I’ve also been reading The Bible; specifically Job: “Lord, why hast thou forsaken me?” I asked above but He was out. Probably moved out when I asked begged “God, please help me” when I found out The Courts was visiting. But He has granted me gifts of forgiveness, knowledge, wisdom, understanding, patience (and patients), love, empathy, friends and family. If it wasn’t for those gifts and my application of some of them, I wouldn’t be here still.
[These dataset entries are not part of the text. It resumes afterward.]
(* Let $n\ge 6$ be even, and let $r=(s_1,\dots,s_n)$ be a Latin row of length $n$ such that $\mathrm{dist}(s_j,s_{j+1})\ge \frac n2-1$ for all $1\le j\le n-1$ and $\mathrm{dist}(s_n,s_1)\ge\frac n2-1$. Let $d_*=(\epsilon_1,\dots,\epsilon_{n-1},h)$ be its extended difference row. Then $d_*$ is a rotation of \[(\underbrace{1,\dots,1}_{\frac n2-1},0,\underbrace{-1,\dots,-1}_{\frac n2-1},0),\] or $d_*=\pm(1,1,\dots,1)$. Moreover, the number of such rows $r$ with $s_1=1$ is $n+2$ if $n\equiv 0\pmod 4$ and $n$ if $n\equiv 2\pmod 4$.
   Context: Symbols are $[1,n]$. For $a,b\in[1,n]$, $\mathrm{dist}(a,b)$ is the minimum of the residues of $a-b$ and $b-a$ modulo $n$ (in $[0,n-1]$). A Latin row of length $n$ is a permutation $(s_1,\dots,s_n)$ of $[1,n]$. Its extended difference row is $d_*=(\epsilon_1,\dots,\epsilon_{n-1},h)$ where, with $h_j\in[0,n-1]$, $h_j\equiv s_{j+1}-s_j\pmod n$ for $1\le j\le n-1$ and $h_n\equiv s_1-s_n\pmod n$, one sets $\epsilon_j=h_j-\frac n2$ and $h=h_n-\frac n2$ (integers, not reduced mod $n$). Writing $\epsilon_n=h$, the rotation by 1 of $d_*$ is $(\epsilon_n,\epsilon_1,\dots,\epsilon_{n-1})$; the rotations of $d_*$ are the results of applying this cyclic shift $1,2,\dots,n$ times. *)

From mathcomp Require Import all_boot all_order all_algebra.
Set Implicit Arguments. Unset Strict Implicit. Unset Printing Implicit Defensive.
Import Order.TTheory GRing.Theory Num.Theory.

Definition latin_row (n : nat) (s : seq nat) : bool := perm_eq s (iota 1 n).

Definition resid (n a b : nat) : nat := (a + n - b) %% n.

Definition dist (n a b : nat) : nat := minn (resid n a b) (resid n b a).

Definition sj (s : seq nat) (j : nat) : nat := nth 0 s j.-1.

Definition csucc (n j : nat) : nat := if j == n then 1 else j.+1.

Definition hj (n : nat) (s : seq nat) (j : nat) : nat :=
  resid n (sj s (csucc n j)) (sj s j).

(* extended difference row d_* = (eps_1, ..., eps_{n-1}, h), eps_j = h_j - n/2 *)
Definition ext_diff_row (n : nat) (s : seq nat) : seq int :=
  [seq (Posz (hj n s j) - Posz (n %/ 2))%R | j <- iota 1 n].

Definition far_row (n : nat) (s : seq nat) : bool :=
  [forall j : 'I_n, (n %/ 2 - 1 <= dist n (sj s j.+1) (sj s (csucc n j.+1)))%N].

(* rotation by one: (e_n, e_1, ..., e_{n-1}) = rotr 1; rotation by k = rotr k *)
Definition is_rotation_of (d p : seq int) : Prop :=
  exists k : nat, (1 <= k <= size p)%N /\ d = rotr k p.

Definition pattern (n : nat) : seq int :=
  nseq (n %/ 2 - 1) 1%R ++ [:: 0%R] ++ nseq (n %/ 2 - 1) (-1)%R ++ [:: 0%R].

From mathcomp Require Import all_boot all_order all_algebra.
From mathcomp Require Import zify.
Import Order.TTheory GRing.Theory Num.Theory.
Set Implicit Arguments. Unset Strict Implicit. Unset Printing Implicit Defensive.

(* Write n = 2m, let h_t in [0, n) be the cyclic difference s_(t+1) - s_t mod n and
   e_t = h_t - m, the entries of d_*. The distance condition says exactly that every e_t is
   -1, 0 or 1, and the row is Latin iff no window of 0 < L < n consecutive h_t sums to 0 mod n
   while the whole period does. Since L m is 0 or m mod n according to the parity of L and a
   window of e has norm at most L, this means: even windows of e do not sum to 0, odd ones not
   to m or -m, and the period sums to 0, n or -n.
   A period sum of n or -n forces e to be constant, which the window of length m allows iff m
   is even. If the period sums to 0, the prefix sums of e at 0, 2, ..., 2(m - 1) are pairwise
   distinct but differ by at most half of the mass sum |e_t|, so at least n - 2 of the e_t are
   nonzero. As two adjacent steps never cancel, a period then holds exactly two zeros, separated
   by runs of equal signs; the period sum forces the runs to have opposite signs and length
   m - 1: a rotation of the pattern.
   Conversely all these sequences pass the test, and a row with s_1 = 1 is determined by its
   steps, so there are n such rows, plus 2 when m is even. *)

Lemma modn_wrap x n : n <= x < n + n -> x %% n = x - n.
Proof. by case/andP=> hnx hx; rewrite -{1}(subnK hnx) modnDr modn_small //; lia. Qed.

Lemma nth_rotr (T : Type) (x0 : T) (s : seq T) k i : k <= size s -> i < size s ->
  nth x0 (rotr k s) i = nth x0 s ((i + (size s - k)) %% size s).
Proof.
move=> hk hi; rewrite /rotr /rot nth_cat size_drop.
case: ltnP => h.
  by rewrite nth_drop modn_small; [congr nth; lia | lia].
by rewrite nth_take ?modn_wrap; [congr nth | |]; lia.
Qed.

Lemma eq_in_mkseq (T : Type) (f g : nat -> T) k :
  (forall t, t < k -> f t = g t) -> mkseq f k = mkseq g k.
Proof. by move=> fg; apply/eq_in_map => t; rewrite mem_iota => /andP [_ ht]; apply: fg. Qed.

Lemma mkseq_const (T : Type) (x : T) k : mkseq (fun=> x) k = nseq k x.
Proof.
apply: (@eq_from_nth _ x); rewrite size_mkseq ?size_nseq // => t ht.
by rewrite nth_mkseq ?nth_nseq ?ht.
Qed.

Section IntArith.
Local Open Scope ring_scope.

Lemma window_modn_eq0 (n m L H : nat) (w : int) :
  n = (m + m)%N -> (0 < L < n)%N -> H%:Z = (L * m)%N%:Z + w -> `|w| <= L%:Z ->
  ((H %% n == 0)%N = if odd L then `|w| == m%:Z else w == 0).
Proof.
move=> hn hL hH hw; have hn0 : (0 < n)%N by lia.
have [l hl] : exists l, L = (l.*2 + odd L)%N.
  by exists L./2; rewrite -{1}(odd_double_half L) addnC.
apply/idP/idP.
  move=> /eqP hr.
  have [q hq] : exists q, H = (q * n)%N.
    by exists (H %/ n)%N; rewrite [LHS](divn_eq H n) hr addn0.
  have hlq : (l < q.+1)%N by rewrite -(ltn_pmul2r hn0); lia.
  have hql : (q < l + 2)%N by rewrite -(ltn_pmul2r hn0); lia.
  have : (q = l \/ q = l.+1)%N by lia.
  by case=> eq_q; rewrite eq_q in hq; case: (odd L) hl => /= hl; apply/eqP; lia.
move=> hw0; have [k hk] : exists k, H = (k * n)%N.
  case: (odd L) hl hw0 => /= hl /eqP hw0; last by exists l; lia.
  have [hwm | hwm] : w = m%:Z \/ w = - m%:Z by lia.
    by exists l.+1; lia.
  by exists l; lia.
by rewrite hk modnMl.
Qed.

Lemma period_modn_eq0 (n m H : nat) (w : int) : (0 < n)%N ->
  H%:Z = (n * m)%N%:Z + w -> `|w| <= n%:Z ->
  ((H %% n == 0)%N = (w == 0) || (`|w| == n%:Z)).
Proof.
move=> hn0 hH hw; apply/idP/idP.
  move=> /eqP hr.
  have [q hq] : exists q, H = (q * n)%N.
    by exists (H %/ n)%N; rewrite [LHS](divn_eq H n) hr addn0.
  have hlq : (m < q.+2)%N by rewrite -(ltn_pmul2r hn0); lia.
  have hql : (q < m + 2)%N by rewrite -(ltn_pmul2r hn0); lia.
  suff : w = 0 \/ `|w| = n%:Z by case=> ->; rewrite eqxx ?orbT.
  have [eq_q | [eq_q | eq_q]] : (q.+1 = m \/ q = m \/ q = m.+1)%N by lia.
  - by rewrite -eq_q in hH; lia.
  - by rewrite eq_q in hq; lia.
  - by rewrite eq_q in hq; lia.
move=> hw0; have [k hk] : exists k, H = (k * n)%N.
  have [hwm | [hwm | hwm]] : w = 0 \/ w = n%:Z \/ w = - n%:Z by lia.
  - by exists m; lia.
  - by exists m.+1; lia.
  - by case: m hH => [|m'] hH; [lia | exists m'; lia].
by rewrite hk modnMl.
Qed.

Lemma injective_ord_spread (k : nat) (f : 'I_k.+1 -> int) (N : int) : injective f ->
  (forall i j, 2%:Z * (f j - f i) <= N) -> (2 * k)%N%:Z <= N.
Proof.
move=> f_inj hN.
have [i0 _ i0_min] := arg_minP f (isT : predT ord0).
pose g j := absz (f j - f i0).
have hg j : (g j)%:Z = f j - f i0 by rewrite /g gez0_abs // subr_ge0 i0_min.
have g_uniq : uniq (map g (enum 'I_k.+1)).
  rewrite map_inj_uniq ?enum_uniq // => a b gab.
  by apply: f_inj; have := hg a; have := hg b; rewrite gab; lia.
have g_sub : {subset map g (enum 'I_k.+1) <= iota 0 (absz N %/ 2).+1}.
  move=> _ /mapP [j _ ->]; rewrite mem_iota.
  by have := hN i0 j; have := hg j; lia.
have N_ge0 := hN i0 i0; rewrite subrr mulr0 in N_ge0.
by have := uniq_leq_size g_uniq g_sub; rewrite size_map size_enum_ord size_iota; lia.
Qed.

End IntArith.

Definition latin_steps (n : nat) (h : nat -> nat) :=
  (forall i L, 0 < L < n -> (\sum_(i <= t < i + L) h t) %% n != 0)
  /\ (\sum_(0 <= t < n) h t) %% n = 0.

Section Windows.
Local Open Scope ring_scope.

Definition wsum (e : nat -> int) i L := \sum_(i <= t < i + L) e t.

Definition ternary (e : nat -> int) := forall t, e t = 0 \/ e t = 1 \/ e t = -1.

Lemma wsum0 e i : wsum e i 0 = 0.
Proof. by rewrite /wsum addn0 big_geq. Qed.

Lemma wsum1 e i : wsum e i 1 = e i.
Proof. by rewrite /wsum addn1 big_nat1. Qed.

Lemma wsumD e i L1 L2 : wsum e i (L1 + L2) = wsum e i L1 + wsum e (i + L1) L2.
Proof. by rewrite /wsum addnA (@big_cat_nat _ _ _ (i + L1)) //= leq_addr. Qed.

Lemma wsum_cat e i j k : (i <= j <= k)%N ->
  wsum e i (k - i) = wsum e i (j - i) + wsum e j (k - j).
Proof. by case/andP=> hij hjk; rewrite /wsum !subnKC ?(leq_trans hij) // -big_cat_nat. Qed.

Lemma wsumS e i L : wsum e i L.+1 = e i + wsum e i.+1 L.
Proof. by rewrite -add1n wsumD wsum1 addn1. Qed.

Lemma wsum_const (c : int) i L : wsum (fun=> c) i L = c *+ L.
Proof. by rewrite /wsum sumr_const_nat addKn. Qed.

Lemma ternary_norm_le1 e t : ternary e -> `|e t| <= 1.
Proof. by move=> /(_ t) [|[]] ->. Qed.

Lemma wsum_normr_le e i L : ternary e -> wsum (fun t => `|e t|) i L <= L%:Z.
Proof.
move=> e3; have -> : L%:Z = wsum (fun=> 1) i L by rewrite wsum_const natz.
by apply: ler_sum => t _; apply: ternary_norm_le1.
Qed.

Lemma normr_wsum_le e i L : ternary e -> `|wsum e i L| <= L%:Z.
Proof. by move=> e3; apply: le_trans (ler_norm_sum _ _ _) (wsum_normr_le i L e3). Qed.

Lemma wsum_run e a L sg : e a = 0 -> (forall t, (0 < t <= L)%N -> e (a + t) = sg) ->
  wsum e a L.+1 = sg *+ L.
Proof.
move=> ea run; rewrite wsumS ea add0r -(wsum_const _ a.+1).
by apply: eq_big_nat => t ht; rewrite -(subnKC (ltnW (proj1 (andP ht)))) run; lia.
Qed.

Lemma wsum_eq_length e i L : (forall t, e t <= 1) -> wsum e i L = L%:Z ->
  forall t, (i <= t < i + L)%N -> e t = 1.
Proof.
move=> le1 hL t ht.
have : \sum_(i <= t < i + L) (1 - e t) == 0.
  by rewrite sumrB -/(wsum e i L) hL sumr_const_nat addKn natz subrr.
rewrite psumr_eq0 => [/allP/(_ t)|u _]; last by rewrite subr_ge0.
by rewrite mem_index_iota ht => /(_ isT) /=; rewrite subr_eq0 => /eqP <-.
Qed.

Lemma walk_constant n e : ternary e -> `|wsum e 0 n| = n%:Z ->
  exists2 sg, sg = 1 \/ sg = -1 & forall t, (t < n)%N -> e t = sg.
Proof.
move=> e3; have [sum_ge0 | sum_lt0] := leP 0 (wsum e 0 n).
  rewrite ger0_norm // => hn; exists 1; first by left.
  move=> t ht; apply: (wsum_eq_length (i := 0) (L := n)) => // u.
  by have := ternary_norm_le1 u e3; lia.
rewrite ltr0_norm // => /eqP; rewrite eqr_oppLR => /eqP hn; exists (-1); first by right.
move=> t ht; apply/eqP; rewrite -eqr_oppLR; apply/eqP.
apply: (wsum_eq_length (e := fun t => - e t) (i := 0) (L := n)) => //.
  by move=> u; have := ternary_norm_le1 u e3; lia.
by rewrite /wsum sumrN -/(wsum e 0 n) hn opprK.
Qed.

End Windows.

Section Walk.
Local Open Scope ring_scope.
Variables n m : nat.
Hypotheses (Hnm : n = (m + m)%N) (Hm : (2 < m)%N).

Let n_gt0 : (0 < n)%N. Proof. lia. Qed.

Definition periodic (e : nat -> int) := forall t, e t = e (t %% n)%N.

Definition latin_walk (e : nat -> int) :=
  (forall i L, (0 < L < n)%N ->
     if odd L then `|wsum e i L| != m%:Z else wsum e i L != 0)
  /\ (wsum e 0 n == 0) || (`|wsum e 0 n| == n%:Z).

Lemma periodic_eq_mod e x y : periodic e -> (x = y %[mod n])%N -> e x = e y.
Proof. by move=> e_per exy; rewrite e_per exy -e_per. Qed.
Read that in whichever way you wish but I wrote it, not Someone Else.
But that Someone Else is still company: company I crave and eschew in equal measure at different times. The company I really crave is the one who’s mending me and helping me back up. There’s a long way to go. They can’t be here but know where I am. Name that paraphrased tune:
“My name is Laker. I live on the second floor…”
Alone today, I am a small blue thing.